WHAT YOU NEED TO DO:
Once the line containing "move=> [mf [M hM]]; split; first exact: measurable_funN." is found, retype it and each line after it through the last entry below, word for word, and nothing else.
::: SUPPLIED MATERIAL
(* Consider a Markov decision process with continuous state space $\mathcal{S}$, continuous action space $\mathcal{A}$, transition density $p(\mathbf{s}'|\mathbf{s},\mathbf{a})$ and discount factor $\gamma\in(0,1)$, and let $r_1,r_2$ be bounded reward functions with optimal soft Q-functions (temperature $1$) $Q_1^*, Q_2^*$ and optimal soft policies $\pi_i^*(\mathbf{a}|\mathbf{s})\propto\exp(Q_i^*(\mathbf{s},\mathbf{a}))$. Let $Q_\Sigma=\frac12(Q_1^*+Q_2^* )$, $r_\mathcal{C}=\frac12(r_1+r_2)$, let $Q_\mathcal{C}^*$ be the optimal soft Q-function for $r_\mathcal{C}$, and let $\pi_\Sigma(\mathbf{a}|\mathbf{s}) \propto \exp(Q_\Sigma(\mathbf{s},\mathbf{a}))$ be the composed policy. Let $C^*$ be the fixed point of $$C(\mathbf{s},\mathbf{a}) \leftarrow \gamma\, \mathbb{E}_{\mathbf{s}'\sim p(\mathbf{s}'|\mathbf{s},\mathbf{a})}\Big[ D_{1/2}\big(\pi_1^*(\cdot|\mathbf{s}')\,\|\,\pi_2^*(\cdot|\mathbf{s}')\big) + \max_{\mathbf{a}'\in\mathcal{A}} C(\mathbf{s}',\mathbf{a}')\Big],$$ and let $D^*$ be the fixed point of $$D(\mathbf{s},\mathbf{a}) \leftarrow \gamma\,\mathbb{E}_{\mathbf{s}'\sim p(\mathbf{s}'|\mathbf{s},\mathbf{a})}\Big[\mathbb{E}_{\mathbf{a}'\sim\pi_\Sigma(\mathbf{a}'|\mathbf{s}')}\big[C^*(\mathbf{s}',\mathbf{a}') + D(\mathbf{s}',\mathbf{a}')\big]\Big].$$ Then the soft Q-function $Q_\mathcal{C}^{\pi_\Sigma}$ of the policy $\pi_\Sigma$ for the reward $r_\mathcal{C}$ satisfies, for all $\mathbf{s}\in\mathcal{S}$, $\mathbf{a}\in\mathcal{A}$, $$Q_\mathcal{C}^{\pi_\Sigma}(\mathbf{s},\mathbf{a}) \ge Q_\mathcal{C}^*(\mathbf{s},\mathbf{a}) - D^*(\mathbf{s},\mathbf{a}).$$
   Context: Soft (maximum-entropy) reinforcement learning with temperature $1$: for a bounded reward $r$, the soft Bellman backup maps a bounded $Q$ to $r(\mathbf{s},\mathbf{a}) + \gamma\,\mathbb{E}_{\mathbf{s}'\sim p(\cdot|\mathbf{s},\mathbf{a})}[\log\int_{\mathcal{A}}\exp(Q(\mathbf{s}',\mathbf{a}'))\,d\mathbf{a}']$; the optimal soft Q-function for $r$ is its unique fixed point, and the optimal soft policy is proportional to $\exp$ of it. For a policy $\pi$, its soft Q-function $Q^\pi$ for reward $r$ is the fixed point of the soft policy evaluation operator $Q(\mathbf{s},\mathbf{a}) \leftarrow r(\mathbf{s},\mathbf{a}) + \gamma\,\mathbb{E}_{\mathbf{s}'\sim p(\cdot|\mathbf{s},\mathbf{a})}\big[\mathbb{E}_{\mathbf{a}'\sim\pi(\cdot|\mathbf{s}')}[Q(\mathbf{s}',\mathbf{a}') - \log\pi(\mathbf{a}'|\mathbf{s}')]\big]$. $D_{1/2}(p\|q) = -2\log\int\sqrt{p q}$ is the Rényi divergence of order $1/2$. *)

From HB Require Import structures.
From mathcomp Require Import all_boot all_order all_algebra.
From mathcomp Require Import all_classical all_reals all_analysis.
Set Implicit Arguments. Unset Strict Implicit. Unset Printing Implicit Defensive.
Import Order.TTheory GRing.Theory Num.Theory.
Local Open Scope classical_set_scope.
Local Open Scope ring_scope.

Section SoftMDP.
Context {d1 d2 : measure_display} {R : realType}
  {S : measurableType d1} {A : measurableType d2}.
Variables (muS : {measure set S -> \bar R}) (muA : {measure set A -> \bar R}).

Definition is_transition_density (p : S -> A -> S -> R) : Prop :=
  [/\ measurable_fun setT (fun x : (S * A) * S => p x.1.1 x.1.2 x.2),
      (forall s a s', 0 <= p s a s') &
      (forall s a, (\int[muS]_s' (p s a s')%:E = 1)%E)].

Definition Enext (p : S -> A -> S -> R) (s : S) (a : A) (f : S -> R) : R :=
  Rintegral muS setT (fun s' => p s a s' * f s').

Definition Eact (pi : S -> A -> R) (s : S) (f : A -> R) : R :=
  Rintegral muA setT (fun a => pi s a * f a).

Definition soft_value (Q : S -> A -> R) (s : S) : R :=
  ln (Rintegral muA setT (fun a => expR (Q s a))).

Definition soft_policy (Q : S -> A -> R) (s : S) (a : A) : R :=
  expR (Q s a) / Rintegral muA setT (fun a' => expR (Q s a')).

Definition soft_bellman (gamma : R) (p : S -> A -> S -> R) (r Q : S -> A -> R)
  (s : S) (a : A) : R :=
  r s a + gamma * Enext p s a (soft_value Q).

Definition soft_eval (gamma : R) (p : S -> A -> S -> R) (r pi Q : S -> A -> R)
  (s : S) (a : A) : R :=
  r s a + gamma * Enext p s a
    (fun s' => Eact pi s' (fun a' => Q s' a' - ln (pi s' a'))).

Definition renyi_half (f g : A -> R) : R :=
  - 2 * ln (Rintegral muA setT (fun a => Num.sqrt (f a * g a))).

Definition C_backup (gamma : R) (p : S -> A -> S -> R) (pi1 pi2 C : S -> A -> R)
  (s : S) (a : A) : R :=
  gamma * Enext p s a
    (fun s' => renyi_half (pi1 s') (pi2 s') + sup (range (C s'))).

Definition D_backup (gamma : R) (p : S -> A -> S -> R) (pi Cs D : S -> A -> R)
  (s : S) (a : A) : R :=
  gamma * Enext p s a (fun s' => Eact pi s' (fun a' => Cs s' a' + D s' a')).

End SoftMDP.

Definition bounded2 {R : realType} {S A : Type} (f : S -> A -> R) : Prop :=
  exists M : R, forall s a, `|f s a| <= M.

Definition measurable2 {d1 d2 : measure_display} {R : realType}
  {S : measurableType d1} {A : measurableType d2} (f : S -> A -> R) : Prop :=
  measurable_fun setT (fun x : S * A => f x.1 x.2).

From HB Require Import structures.
From mathcomp Require Import all_boot all_order all_algebra.
From mathcomp Require Import all_classical all_reals all_analysis.
From mathcomp Require Import measurable_realfun ring lra.
Import Order.TTheory GRing.Theory Num.Theory.
Local Open Scope classical_set_scope.
Local Open Scope ring_scope.

(* Write V_Q(s) = log \int exp Q(s,.) and let Q_Sigma be the mean of Q_1^* and
   Q_2^*.  The inequalities Q_C^* <= Q_Sigma, Q_Sigma - Q_C^* <= C^* and
   Q_C^* - Q^pi_Sigma <= D^* are proved in turn by one comparison principle: the
   bounded difference u of the two sides satisfies "u <= c everywhere implies
   u <= gamma c everywhere", so sup u <= gamma sup u and u <= 0.  The one-step
   estimates rest on three facts: Q |-> V_Q is monotone and midpoint convex
   (V_{Q_Sigma} <= (V_1 + V_2)/2, by AM-GM under the integral),
   D_{1/2}(pi_1 || pi_2) = V_1 + V_2 - 2 V_{Q_Sigma}, and
   log pi_Sigma = Q_Sigma - V_{Q_Sigma}. *)

Section bounded_measurable.
Context {R : realType} {d : measure_display} {T : measurableType d}.
Implicit Types (f g : T -> R) (c : R).

Definition bounded_measurable f :=
  measurable_fun setT f /\ exists M : R, forall x, `|f x| <= M.

Lemma bounded_measurable_cst c : bounded_measurable (fun=> c).
Proof. by split; [exact: measurable_cst | exists `|c|]. Qed.

Lemma bounded_measurableD {f g} : bounded_measurable f -> bounded_measurable g ->
  bounded_measurable (fun x => f x + g x).
Proof.
move=> [mf [M hM]] [mg [N hN]]; split; first exact: measurable_funD.
by exists (M + N) => x; apply: le_trans (ler_normD _ _) _; exact: lerD.
Qed.

Lemma bounded_measurableN {f} : bounded_measurable f ->
  bounded_measurable (fun x => - f x).
Proof.
move=> [mf [M hM]]; split; first exact: measurable_funN.
by exists M => x; rewrite normrN.
Qed.

Lemma bounded_measurableB {f g} : bounded_measurable f -> bounded_measurable g ->
  bounded_measurable (fun x => f x - g x).
Proof. by move=> bf /bounded_measurableN; exact: bounded_measurableD. Qed.

Lemma bounded_measurableM {f g} : bounded_measurable f -> bounded_measurable g ->
  bounded_measurable (fun x => f x * g x).
Proof.
move=> [mf [M hM]] [mg [N hN]]; split; first exact: measurable_funM.
by exists (M * N) => x; rewrite normrM; exact: ler_pM.
Qed.

Lemma bounded_measurable_expR {f} : bounded_measurable f ->
  bounded_measurable (fun x => expR (f x)).
Proof.
move=> [mf [M hM]]; split; first exact: measurableT_comp (@measurable_expR R) mf.
exists (expR M) => x; rewrite ger0_norm ?expR_ge0 // ler_expR.
exact: le_trans (ler_norm _) (hM x).
Qed.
::::::
ANSWER TO THE EXERCISE:
move=> [mf [M hM]]; split; first exact: measurable_funN.
by exists M => x; rewrite normrN.
Qed.

Lemma bounded_measurableB {f g} : bounded_measurable f -> bounded_measurable g ->
  bounded_measurable (fun x => f x - g x).
Proof. by move=> bf /bounded_measurableN; exact: bounded_measurableD. Qed.

Lemma bounded_measurableM {f g} : bounded_measurable f -> bounded_measurable g ->
  bounded_measurable (fun x => f x * g x).
Proof.
move=> [mf [M hM]] [mg [N hN]]; split; first exact: measurable_funM.
by exists (M * N) => x; rewrite normrM; exact: ler_pM.
Qed.

Lemma bounded_measurable_expR {f} : bounded_measurable f ->
  bounded_measurable (fun x => expR (f x)).
Proof.
move=> [mf [M hM]]; split; first exact: measurableT_comp (@measurable_expR R) mf.
exists (expR M) => x; rewrite ger0_norm ?expR_ge0 // ler_expR.
exact: le_trans (ler_norm _) (hM x).
Qed.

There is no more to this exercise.